The rise of an on-demand economy once threatened to put workers’ compensation insurers in the hot seat, in large part because the question of how the sector could, or should, cover these individuals remained uncertain.
Today, insurers aren’t exactly rushing to transform their workers’ comp approach for gig workers. Instead, they are contemplating mixed data on the gig economy’s size and impact and are waiting for court and legislative decisions to establish clarity before making monumental changes. Some observers see the market as already doing its job for gig workers without further action needed, providing plenty of options for gig workers and other sole proprietors.
“The individual market for workers’ compensation has always existed. This is not new, and sole proprietors are numerically the largest single type of business in America,” said Robert Hartwig, a former head of the Insurance Information Institute and current professor of finance risk management and insurance at the University of South Carolina. “They are not always compelled to purchase workers’ compensation, but for those who do, solutions have been around for decades.”
Gig Economy Realities
While the gig economy has grown, it isn’t as large as some predicted. A study released by JPMorgan Chase last fall pointed to a gig economy stunted by workers who faced dropping pay, forcing them to seek more traditional jobs, depleting the growth trajectory of the sector as a result. Also, court conflicts about how to classify workers as “gig” employees or full-time staff continue. Still, temporary labor on a broader scale has become a significant part of the overall economy, now at 41.5 percent of an average company’s talent pool, according to a white paper from Ardent Partners (that doesn’t mention gig workers by that name). In the face of mixed data, carriers haven’t rushed to reinvent the wheel to meet early expectations of a relentless flood of gig workers facing a potential workers’ comp coverage gap. “There were a lot of questions and concerns in the early days of the gig economy and the sister problem of the so-called shared economy (Airbnb). Largely, those insurance issues have been sorted out,” Hartwig said.

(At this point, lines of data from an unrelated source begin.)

Lemma conic_hull_scal V c v : 0 <= c -> conic_hull V v -> conic_hull V (scal3 c v).
Proof.
  intros Hc [l [Hl ->]]. exists (map (fun p => (c * fst p, snd p)) l). split.
  - apply Forall_map. eapply Forall_impl; [|exact Hl].
    intros [a w] [Ha Hw]; simpl; split; [apply Rmult_le_pos|]; auto.
  - induction l as [|[a w] l IH]; simpl; [vec3_ring|].
    inversion Hl; subst. rewrite <- IH by auto. generalize (comb l); intros; vec3_ring.
Qed.

Lemma conic_hull_gen (V : vec3 -> Prop) w : V w -> conic_hull V w.
Proof.
  intros Hw. exists ((1, w) :: nil); split.
  - constructor; [simpl; split; [lra | exact Hw] | constructor].
  - vec3_ring.
Qed.

Lemma conic_hull_trans (V V' : vec3 -> Prop) :
  (forall w, V w -> conic_hull V' w) -> forall v, conic_hull V v -> conic_hull V' v.
Proof.
  intros HV. apply conic_hull_ind; [apply conic_hull_zero|].
  intros a w v Ha Hw Hv. apply conic_hull_add; auto. apply conic_hull_scal; auto.
Qed.

Lemma conic_hull_equiv (V V' : vec3 -> Prop) :
  (forall w, V w -> conic_hull V' w) -> (forall w, V' w -> conic_hull V w) ->
  forall v, conic_hull V v <-> conic_hull V' v.
Proof. intros H H' v; split; apply conic_hull_trans; auto. Qed.

Lemma conic_hull_dot3_nonneg (V : vec3 -> Prop) p :
  (forall w, V w -> 0 <= dot3 p w) -> forall v, conic_hull V v -> 0 <= dot3 p v.
Proof.
  intros HV. apply conic_hull_ind; [vec3_expand; lra|].
  intros a w v Ha Hw Hv. specialize (HV w Hw).
  replace (dot3 p (add3 (scal3 a w) v)) with (a * dot3 p w + dot3 p v) by vec3_ring.
  nra.
Qed.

Hartwig pointed out individual gig workers have “had no individual problem securing workers’ compensation cover anyway” if they want it, noting the issue was the predicted volume of gig workers rather than their insurance needs. State laws have maintained sole proprietors don’t have to carry workers’ comp cover, he said, and “by definition, if you are a gig worker, you are in effect a sole proprietor.”
“The decision to purchase workers’ compensation is the result of the individual and not the result of being declined coverage,” Hartwig said.
Gig workers’ growth, Hartwig said, hasn’t put pressure on states or insurers to provide new workers’ comp coverage options. States can use the residual market to provide workers’ comp protection, but from what Hartwig said he has seen, the size of these markets hasn’t expanded in the past five years because of any gig market expansion.
The Courts Will Decide
AmTrust Financial Services is one of the largest workers’ comp insurers in the U.S. Matt Zender, the insurer’s senior vice president for workers’ comp strategy, said the company has watched court challenges seeking to define gig workers’ status. The courts haven’t yet made any big change to the status quo, he said.
“At this point, there doesn’t appear to be a guiding light [or] any court action that has caused us to change anything operationally,” Zender said.
He said AmTrust covers few gig workers because the bulk of its business is workers who would be classified as employees. Zender added gig workers have still been classified as independent contractors that aren’t subject to workers’ comp coverage. That will change with the resolution of some court cases and challenges into gig or contract worker status, such as one in San Francisco recently that redefined strippers at a local gentlemen’s club as employees rather than contract employees, Zender said. There have been other legal advances as well.
In the U.K., as reported by Bloomberg and others, rideshare company Uber recently lost a U.K. appeal in a lawsuit that challenged its designation of drivers as contract workers. The law firm Fisher Phillips on its GIG Employer Blog cited a related case in North Carolina involving a $1.3 million settlement in a class action suit by drivers challenging their classification as contractors rather than employees. In April, the California Supreme Court adopted a new legal standard designed to make it harder for businesses to classify employees as independent contractors. As Fisher Phillips noted in a legal alert announcing that decision, the court expanded the definition of “employee” under California law, and it forces companies to prove independent contractors are properly classified.
The firm noted the decision stems from the nearly 20-year-old Dynamex case, where drivers at the courier and delivery company sued because they had been reclassified as independent contractors rather than employees, even though they did the same tasks under each designation. Zender said he expects court cases like Dynamex and others to force major changes as to who can be defined as employees deserving of workers’ comp benefits, and at that point, AmTrust will act accordingly to adapt. “There has been a lot of movement recently, just the attention and the courses to try and clarify workers’ classification. [The courts] are trying to reconcile these two worlds, [and we need clarity] among the courts in what way we define workers and in what way that applies to be able to take any action really,” he said.
With ongoing debates and court challenges, Zender recommends other insurers and observers “stay tuned.”
“This is clearly an issue, [and] there is going to be a lot going on,” he said.